__Task brief__.
The complete set of records below must be repeated precisely as given.

[Dataset excerpts]
__________

(* Let $A$ and $B$ be Banach algebras, $\phi\in\Delta(A)$ and $\psi\in\Delta(B)$. Suppose $A$ is unital and $B$ has an idempotent $x_0$ with $\psi(x_0)=1$. If $A\otimes_pB$ is approximately left $\phi\otimes\psi$-biprojective, then $A$ is approximately left $\phi$-biprojective.
   Context: $\Delta(A)$ is the set of characters of $A$. $A\otimes_pB$ is the projective tensor product Banach algebra with product $(a\otimes b)(c\otimes d)=ac\otimes bd$, and $\phi\otimes\psi\in\Delta(A\otimes_pB)$ is determined by $(\phi\otimes\psi)(a\otimes b)=\phi(a)\psi(b)$. For a Banach algebra $C$, $C\otimes_pC$ is a Banach $C$-bimodule via $c\cdot(x\otimes y)=cx\otimes y$, $(x\otimes y)\cdot c=x\otimes yc$, and $\pi_C(x\otimes y)=xy$. For $\theta\in\Delta(C)$, $C$ is approximately left $\theta$-biprojective if there is a net $(\rho_\alpha)$ of bounded linear maps $C\to C\otimes_pC$ such that for all $c,x\in C$: $\|c\cdot\rho_\alpha(x)-\rho_\alpha(cx)\|\to0$, $\|\rho_\alpha(xc)-\theta(c)\rho_\alpha(x)\|\to0$, and $\theta(\pi_C(\rho_\alpha(x)))-\theta(x)\to0$. *)

From Stdlib Require Import Reals ClassicalEpsilon.
Open Scope R_scope.
Set Implicit Arguments.

Record Cx : Type := mkCx { Cre : R ; Cim : R }.
Definition Czero : Cx := mkCx 0 0.
Definition Cone : Cx := mkCx 1 0.
Definition Cadd (z w : Cx) : Cx := mkCx (Cre z + Cre w) (Cim z + Cim w).
Definition Copp (z : Cx) : Cx := mkCx (- Cre z) (- Cim z).
Definition Csub (z w : Cx) : Cx := Cadd z (Copp w).
Definition Cmul (z w : Cx) : Cx :=
  mkCx (Cre z * Cre w - Cim z * Cim w) (Cre z * Cim w + Cim z * Cre w).
Definition Cmod (z : Cx) : R := sqrt (Cre z * Cre z + Cim z * Cim z).

Record BanachSpace : Type := mkBS {
  bs_car :> Type;
  bs_zero : bs_car;
  bs_add : bs_car -> bs_car -> bs_car;
  bs_opp : bs_car -> bs_car;
  bs_scal : Cx -> bs_car -> bs_car;
  bs_norm : bs_car -> R;
  bs_addA : forall x y z, bs_add x (bs_add y z) = bs_add (bs_add x y) z;
  bs_addC : forall x y, bs_add x y = bs_add y x;
  bs_add0 : forall x, bs_add x bs_zero = x;
  bs_addN : forall x, bs_add x (bs_opp x) = bs_zero;
  bs_scalA : forall a b x, bs_scal (Cmul a b) x = bs_scal a (bs_scal b x);
  bs_scal1 : forall x, bs_scal Cone x = x;
  bs_scalDr : forall a x y, bs_scal a (bs_add x y) = bs_add (bs_scal a x) (bs_scal a y);
  bs_scalDl : forall a b x, bs_scal (Cadd a b) x = bs_add (bs_scal a x) (bs_scal b x);
  bs_norm_eq0 : forall x, bs_norm x = 0 -> x = bs_zero;
  bs_normZ : forall a x, bs_norm (bs_scal a x) = Cmod a * bs_norm x;
  bs_normD : forall x y, bs_norm (bs_add x y) <= bs_norm x + bs_norm y;
  bs_complete : forall u : nat -> bs_car,
    (forall eps, 0 < eps -> exists N, forall n m, (N <= n)%nat -> (N <= m)%nat ->
        bs_norm (bs_add (u n) (bs_opp (u m))) < eps) ->
    exists l, forall eps, 0 < eps -> exists N, forall n, (N <= n)%nat ->
        bs_norm (bs_add (u n) (bs_opp l)) < eps
}.

Arguments bs_zero {_}.
Arguments bs_add {_}.
Arguments bs_opp {_}.
Arguments bs_scal {_}.
Arguments bs_norm {_}.

Definition bs_sub {X : BanachSpace} (x y : X) : X := bs_add x (bs_opp y).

__________

__Expected answer__.
(* Let $A$ and $B$ be Banach algebras, $\phi\in\Delta(A)$ and $\psi\in\Delta(B)$. Suppose $A$ is unital and $B$ has an idempotent $x_0$ with $\psi(x_0)=1$. If $A\otimes_pB$ is approximately left $\phi\otimes\psi$-biprojective, then $A$ is approximately left $\phi$-biprojective.
   Context: $\Delta(A)$ is the set of characters of $A$. $A\otimes_pB$ is the projective tensor product Banach algebra with product $(a\otimes b)(c\otimes d)=ac\otimes bd$, and $\phi\otimes\psi\in\Delta(A\otimes_pB)$ is determined by $(\phi\otimes\psi)(a\otimes b)=\phi(a)\psi(b)$. For a Banach algebra $C$, $C\otimes_pC$ is a Banach $C$-bimodule via $c\cdot(x\otimes y)=cx\otimes y$, $(x\otimes y)\cdot c=x\otimes yc$, and $\pi_C(x\otimes y)=xy$. For $\theta\in\Delta(C)$, $C$ is approximately left $\theta$-biprojective if there is a net $(\rho_\alpha)$ of bounded linear maps $C\to C\otimes_pC$ such that for all $c,x\in C$: $\|c\cdot\rho_\alpha(x)-\rho_\alpha(cx)\|\to0$, $\|\rho_\alpha(xc)-\theta(c)\rho_\alpha(x)\|\to0$, and $\theta(\pi_C(\rho_\alpha(x)))-\theta(x)\to0$. *)

From Stdlib Require Import Reals ClassicalEpsilon.
Open Scope R_scope.
Set Implicit Arguments.

Record Cx : Type := mkCx { Cre : R ; Cim : R }.
Definition Czero : Cx := mkCx 0 0.
Definition Cone : Cx := mkCx 1 0.
Definition Cadd (z w : Cx) : Cx := mkCx (Cre z + Cre w) (Cim z + Cim w).
Definition Copp (z : Cx) : Cx := mkCx (- Cre z) (- Cim z).
Definition Csub (z w : Cx) : Cx := Cadd z (Copp w).
Definition Cmul (z w : Cx) : Cx :=
  mkCx (Cre z * Cre w - Cim z * Cim w) (Cre z * Cim w + Cim z * Cre w).
Definition Cmod (z : Cx) : R := sqrt (Cre z * Cre z + Cim z * Cim z).

Record BanachSpace : Type := mkBS {
  bs_car :> Type;
  bs_zero : bs_car;
  bs_add : bs_car -> bs_car -> bs_car;
  bs_opp : bs_car -> bs_car;
  bs_scal : Cx -> bs_car -> bs_car;
  bs_norm : bs_car -> R;
  bs_addA : forall x y z, bs_add x (bs_add y z) = bs_add (bs_add x y) z;
  bs_addC : forall x y, bs_add x y = bs_add y x;
  bs_add0 : forall x, bs_add x bs_zero = x;
  bs_addN : forall x, bs_add x (bs_opp x) = bs_zero;
  bs_scalA : forall a b x, bs_scal (Cmul a b) x = bs_scal a (bs_scal b x);
  bs_scal1 : forall x, bs_scal Cone x = x;
  bs_scalDr : forall a x y, bs_scal a (bs_add x y) = bs_add (bs_scal a x) (bs_scal a y);
  bs_scalDl : forall a b x, bs_scal (Cadd a b) x = bs_add (bs_scal a x) (bs_scal b x);
  bs_norm_eq0 : forall x, bs_norm x = 0 -> x = bs_zero;
  bs_normZ : forall a x, bs_norm (bs_scal a x) = Cmod a * bs_norm x;
  bs_normD : forall x y, bs_norm (bs_add x y) <= bs_norm x + bs_norm y;
  bs_complete : forall u : nat -> bs_car,
    (forall eps, 0 < eps -> exists N, forall n m, (N <= n)%nat -> (N <= m)%nat ->
        bs_norm (bs_add (u n) (bs_opp (u m))) < eps) ->
    exists l, forall eps, 0 < eps -> exists N, forall n, (N <= n)%nat ->
        bs_norm (bs_add (u n) (bs_opp l)) < eps
}.

Arguments bs_zero {_}.
Arguments bs_add {_}.
Arguments bs_opp {_}.
Arguments bs_scal {_}.
Arguments bs_norm {_}.

Definition bs_sub {X : BanachSpace} (x y : X) : X := bs_add x (bs_opp y).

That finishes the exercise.